---- INFORMATION SUPPLIED

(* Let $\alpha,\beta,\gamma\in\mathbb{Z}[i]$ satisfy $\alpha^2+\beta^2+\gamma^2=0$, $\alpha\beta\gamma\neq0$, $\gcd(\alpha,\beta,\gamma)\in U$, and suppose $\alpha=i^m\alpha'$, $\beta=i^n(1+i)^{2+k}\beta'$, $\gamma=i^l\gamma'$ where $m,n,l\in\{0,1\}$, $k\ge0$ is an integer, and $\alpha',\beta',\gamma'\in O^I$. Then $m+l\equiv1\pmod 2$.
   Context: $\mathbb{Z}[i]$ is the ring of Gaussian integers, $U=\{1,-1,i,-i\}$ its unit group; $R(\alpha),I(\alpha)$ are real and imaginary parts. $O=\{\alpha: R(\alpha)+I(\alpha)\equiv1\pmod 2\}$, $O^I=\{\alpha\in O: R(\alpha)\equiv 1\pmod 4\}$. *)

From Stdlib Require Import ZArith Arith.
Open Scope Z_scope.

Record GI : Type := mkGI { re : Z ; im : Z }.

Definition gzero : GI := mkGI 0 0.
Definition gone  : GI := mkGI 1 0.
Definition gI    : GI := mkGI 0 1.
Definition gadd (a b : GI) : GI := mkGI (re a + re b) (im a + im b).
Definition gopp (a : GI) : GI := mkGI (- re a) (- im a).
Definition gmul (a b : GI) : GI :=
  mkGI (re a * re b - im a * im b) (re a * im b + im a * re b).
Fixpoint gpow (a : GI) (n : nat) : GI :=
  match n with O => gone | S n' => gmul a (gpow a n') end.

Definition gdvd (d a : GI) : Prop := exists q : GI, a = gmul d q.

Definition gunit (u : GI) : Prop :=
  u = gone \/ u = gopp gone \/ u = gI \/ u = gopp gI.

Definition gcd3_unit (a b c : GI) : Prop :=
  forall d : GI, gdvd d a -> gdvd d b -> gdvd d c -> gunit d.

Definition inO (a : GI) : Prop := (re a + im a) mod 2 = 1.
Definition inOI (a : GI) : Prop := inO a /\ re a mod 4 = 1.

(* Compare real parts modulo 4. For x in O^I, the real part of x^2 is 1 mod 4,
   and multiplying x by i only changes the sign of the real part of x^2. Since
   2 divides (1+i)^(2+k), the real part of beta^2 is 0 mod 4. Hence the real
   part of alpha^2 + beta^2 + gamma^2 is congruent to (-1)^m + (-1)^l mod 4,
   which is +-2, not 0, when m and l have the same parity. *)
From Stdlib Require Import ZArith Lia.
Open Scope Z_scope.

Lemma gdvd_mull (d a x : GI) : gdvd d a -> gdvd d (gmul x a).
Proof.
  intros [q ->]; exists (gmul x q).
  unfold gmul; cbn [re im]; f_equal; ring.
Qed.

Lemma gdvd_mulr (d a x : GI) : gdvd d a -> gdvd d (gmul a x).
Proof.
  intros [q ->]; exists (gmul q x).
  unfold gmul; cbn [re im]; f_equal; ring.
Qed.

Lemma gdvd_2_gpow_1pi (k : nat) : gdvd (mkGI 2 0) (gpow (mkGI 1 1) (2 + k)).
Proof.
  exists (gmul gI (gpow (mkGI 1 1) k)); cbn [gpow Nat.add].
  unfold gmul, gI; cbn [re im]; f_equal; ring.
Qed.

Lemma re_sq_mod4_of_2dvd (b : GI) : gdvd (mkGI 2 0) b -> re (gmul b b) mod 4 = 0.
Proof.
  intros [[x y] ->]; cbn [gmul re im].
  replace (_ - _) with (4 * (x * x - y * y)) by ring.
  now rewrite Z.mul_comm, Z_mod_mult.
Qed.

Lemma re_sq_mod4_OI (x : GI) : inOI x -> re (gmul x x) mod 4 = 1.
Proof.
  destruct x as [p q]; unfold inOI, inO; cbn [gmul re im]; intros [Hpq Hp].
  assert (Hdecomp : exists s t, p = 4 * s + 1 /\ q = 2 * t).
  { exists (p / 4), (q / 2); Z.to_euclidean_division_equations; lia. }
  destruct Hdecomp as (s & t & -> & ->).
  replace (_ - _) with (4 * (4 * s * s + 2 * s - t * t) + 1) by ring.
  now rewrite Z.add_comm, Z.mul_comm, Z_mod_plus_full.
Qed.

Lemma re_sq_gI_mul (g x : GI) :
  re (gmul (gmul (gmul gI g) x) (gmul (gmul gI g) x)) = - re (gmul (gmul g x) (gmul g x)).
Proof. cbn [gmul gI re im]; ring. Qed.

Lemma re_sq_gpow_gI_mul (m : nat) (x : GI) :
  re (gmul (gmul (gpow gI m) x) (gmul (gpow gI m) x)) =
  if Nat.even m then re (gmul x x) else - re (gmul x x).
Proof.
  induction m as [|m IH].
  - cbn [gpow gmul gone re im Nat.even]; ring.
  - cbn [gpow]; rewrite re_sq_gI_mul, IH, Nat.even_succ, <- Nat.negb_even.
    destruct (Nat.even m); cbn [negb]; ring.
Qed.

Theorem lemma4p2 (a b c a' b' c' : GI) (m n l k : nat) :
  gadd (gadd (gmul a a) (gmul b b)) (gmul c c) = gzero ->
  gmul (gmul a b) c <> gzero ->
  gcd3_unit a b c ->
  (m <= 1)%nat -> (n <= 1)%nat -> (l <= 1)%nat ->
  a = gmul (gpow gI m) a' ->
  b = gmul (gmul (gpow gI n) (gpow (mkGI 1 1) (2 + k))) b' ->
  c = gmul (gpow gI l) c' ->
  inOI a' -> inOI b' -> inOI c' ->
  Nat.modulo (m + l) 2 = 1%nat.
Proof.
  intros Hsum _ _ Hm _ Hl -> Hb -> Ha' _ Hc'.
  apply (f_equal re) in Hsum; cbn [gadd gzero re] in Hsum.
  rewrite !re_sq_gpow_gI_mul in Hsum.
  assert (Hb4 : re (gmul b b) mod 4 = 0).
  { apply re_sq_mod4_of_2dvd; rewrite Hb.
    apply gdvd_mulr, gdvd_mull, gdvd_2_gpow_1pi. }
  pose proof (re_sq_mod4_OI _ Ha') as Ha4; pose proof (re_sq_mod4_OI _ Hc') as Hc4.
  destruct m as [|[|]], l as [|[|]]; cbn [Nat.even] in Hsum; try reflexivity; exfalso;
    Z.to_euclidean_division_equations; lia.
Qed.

--------

● THE TASK: Using the records given above, list every line that includes the word "apply".

● SOLUTION BELOW:
  apply (f_equal re) in Hsum; cbn [gadd gzero re] in Hsum.
  { apply re_sq_mod4_of_2dvd; rewrite Hb.
    apply gdvd_mulr, gdvd_mull, gdvd_2_gpow_1pi. }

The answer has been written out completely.